While sales to major customers may vary from period to period, a major customer that permanently discontinues or
significantly reduces its relationship with us could be difficult to replace. In line with industry practice, new
customers usually require that we pass a lengthy and rigorous qualification process at the customer’s cost.
Accordingly, it may be difficult or costly for us to attract new major customers. Additionally, mergers, acquisitions,
consolidations or other significant transactions involving our customers generally entail risks to our business. If a
significant transaction involving any of our key customers results in the loss of or reduction in purchases by these
key customers, it could have a materially adverse effect on our business, results of operations, financial condition and
prospects.
Impact of Technological Change — Increases in the areal density of disc drives may outpace customers’

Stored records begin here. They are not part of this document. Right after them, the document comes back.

(* Let $r,k\geq2$ be integers with $(r,k)\neq(2,2)$. Then $\zeta<r(k-1)$, where $\zeta=r\beta/\alpha$.
   Context: $f_t(\mu)=e^{-\mu}\sum_{i\geq t}\mu^i/i!$. $\mu_{r,k}$ is the unique minimizer over $\mu>0$ of $\mu/f_{k-1}(\mu)^{r-1}$, $\alpha=f_k(\mu_{r,k})$ and $\beta=\frac1r\mu_{r,k}f_{k-1}(\mu_{r,k})$; thus $\zeta=\mu_{r,k}f_{k-1}(\mu_{r,k})/f_k(\mu_{r,k})$. *)

From Stdlib Require Import Reals ClassicalEpsilon.
From Coquelicot Require Import Coquelicot.
Open Scope R_scope.

Definition f (t : nat) (mu : R) : R :=
  exp (- mu) * Series (fun i => if Nat.leb t i then mu ^ i / INR (Factorial.fact i) else 0).

Definition obj (r k : nat) (mu : R) : R := mu / (f (k - 1) mu) ^ (r - 1).

Definition is_min_obj (r k : nat) (mu : R) : Prop :=
  0 < mu /\ forall x, 0 < x -> obj r k mu <= obj r k x.

Definition mu_rk (r k : nat) : R :=
  epsilon (inhabits 0) (is_min_obj r k).

Definition alpha (r k : nat) : R := f k (mu_rk r k).
Definition beta (r k : nat) : R := / INR r * (mu_rk r k * f (k - 1) (mu_rk r k)).
Definition zeta (r k : nat) : R := INR r * beta r k / alpha r k.

(* At a minimizer mu of mu / f_m(mu)^n (m = k - 1, n = r - 1) the first-order condition
   f_m = n mu f_m' says that the normalized Poisson tail G_m(mu) = e^mu f_m(mu) / (mu^m / m!)
   equals n m; since f_{m+1} = f_m - e^-mu mu^m / m!, this gives zeta = mu G / (G - 1).
   G_m(x) = sum_j x^j m! / (m+j)! is convex with G_m'(m) = 1, so mu <= n m - (G_m(m) - m),
   and the explicit lower bound G_m(m) > 2 (resp. G_1(1) > 3/2 when n >= 2) turns
   mu n m / (n m - 1) < (n + 1) m into arithmetic. *)

From Stdlib Require Import Reals Lra Lia Psatz ClassicalEpsilon Factorial.
From Coquelicot Require Import Coquelicot.
Open Scope R_scope.

Lemma partial_sum_le_series (a : nat -> R) (l : R) (n : nat) :
  is_series a l -> (forall i, 0 <= a i) -> sum_f_R0 a n <= l.
Proof. intros Ha Hpos. apply sum_incr; [apply is_series_Reals, Ha | exact Hpos]. Qed.

Lemma is_series_le (a b : nat -> R) (la lb : R) :
  is_series a la -> is_series b lb -> (forall i, a i <= b i) -> la <= lb.
Proof.
  intros Ha Hb Hab.
  assert (Hdiff : b 0%nat - a 0%nat <= lb - la).
  { apply (partial_sum_le_series (fun i => b i - a i) _ 0 (is_series_minus _ _ _ _ Hb Ha)).
    intro i. specialize (Hab i). lra. }
  specialize (Hab 0%nat). lra.
Qed.

Definition exp_term (x : R) (i : nat) : R := x ^ i / INR (fact i).
Definition exp_partial (j : nat) (x : R) : R := sum_f_R0 (exp_term x) j.

Lemma exp_term_pos x i : 0 < x -> 0 < exp_term x i.
Proof. intro. apply Rdiv_lt_0_compat; [apply pow_lt; lra | apply INR_fact_lt_0]. Qed.

Lemma exp_term_S x j : x * exp_term x j = INR (S j) * exp_term x (S j).
Proof.
  unfold exp_term. rewrite fact_simpl, mult_INR.
  assert (INR (S j) <> 0) by (apply not_0_INR; lia).
  assert (INR (fact j) <> 0) by (apply Rgt_not_eq, INR_fact_lt_0).
  simpl pow. field. split; assumption.
Qed.

Lemma is_derive_exp_term j x : is_derive (fun y => exp_term y (S j)) x (exp_term x j).
Proof.
  unfold exp_term. auto_derive; [exact I|].
  change (match j with 0%nat => 1 | S _ => INR j + 1 end) with (INR (S j)).
  rewrite S_INR, plus_INR, mult_INR.
  assert (0 < INR (fact j)) by apply INR_fact_lt_0.
  assert (0 <= INR j) by apply pos_INR.
  field. nra.
Qed.

Lemma is_series_exp (x : R) : is_series (exp_term x) (exp x).
Proof.
  apply (is_series_ext (fun n => scal (pow_n x n) (/ INR (fact n)))); [|exact (is_exp_Reals x)].
  intro n. rewrite pow_n_pow. unfold scal, exp_term; simpl. unfold mult; simpl. lra.
Qed.

Lemma is_derive_exp_partial j x :
  is_derive (exp_partial j) x (exp_partial j x - exp_term x j).
Proof.
  induction j as [|j IHj].
  - apply is_derive_ext with (fun _ => 1).
    { intro y. unfold exp_partial, exp_term. simpl. field. }
    unfold exp_partial; simpl. replace (exp_term x 0 - exp_term x 0) with 0 by ring.
    apply (is_derive_const 1).
  - apply is_derive_ext with (fun y => exp_partial j y + exp_term y (S j)); [reflexivity|].
    replace (exp_partial (S j) x - exp_term x (S j))
      with ((exp_partial j x - exp_term x j) + exp_term x j)
      by (unfold exp_partial; simpl; ring).
    exact (is_derive_plus _ _ _ _ _ IHj (is_derive_exp_term j x)).
Qed.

demand for storage capacity.
The rate of increase in areal density, or storage capacity per square inch on a disc, may be greater than the
increase in our customers’ demand for aggregate storage capacity, particularly in certain market applications like
commercial desktop compute. As a result, our customers’ storage capacity needs may be satisfied with lower priced,
low capacity disc drives. These factors could decrease our sales, especially when combined with continued price
erosion, which could adversely affect our results of operations.
Changes in Information Storage Products — Future changes in the nature of information storage products
may reduce demand for traditional disc drive products.
We expect that in the future, new personal computing devices and products will be developed, some of which,
such as Internet appliances, may not contain a disc drive. While we are investing development resources in designing
disc drives for new applications, it is too early to assess the impact of these new applications on future demand for
disc drive products. Products using alternative technologies, such as flash memory, optical storage and other storage
technologies could become a significant source of competition to particular applications of our products, which could
adversely affect our results of operations.
New Product Development and Technological Change — If we do not develop products in time to keep pace
with technological changes, our operating results will be adversely affected.
Our customers have demanded new generations of disc drive products as advances in computer hardware and
software have created the need for improved storage products, with features such as increased storage capacity,
improved performance and reliability and lower cost. We, and our competitors, have developed improved products,
and we will need to continue to do so in the future. For the fiscal years 2007, 2006 and 2005, we had product
development expenses of $904 million, $805 million and $645 million, respectively. We cannot assure you that we
will be able to successfully complete the design or introduction of new products in a timely manner, that we will be
able to manufacture new products in sufficient volumes with acceptable manufacturing yields, that we will be able to
successfully market these new products or that these products will perform to specifications on a long-term basis. In
addition, the impact of slowing areal density growth may adversely impact our ability to be successful.
When we develop new products with higher capacity and more advanced technology, our operating results may
decline because the increased difficulty and complexity associated with producing these products increases the
likelihood of reliability, quality or operability problems. If our products suffer increases in failures, are of low quality
or are not reliable, customers may reduce their purchases of our products and our manufacturing rework and scrap
costs and service and warranty costs may increase. In addition, a decline in the reliability of our products may make
us less competitive as compared with other disc drive manufacturers.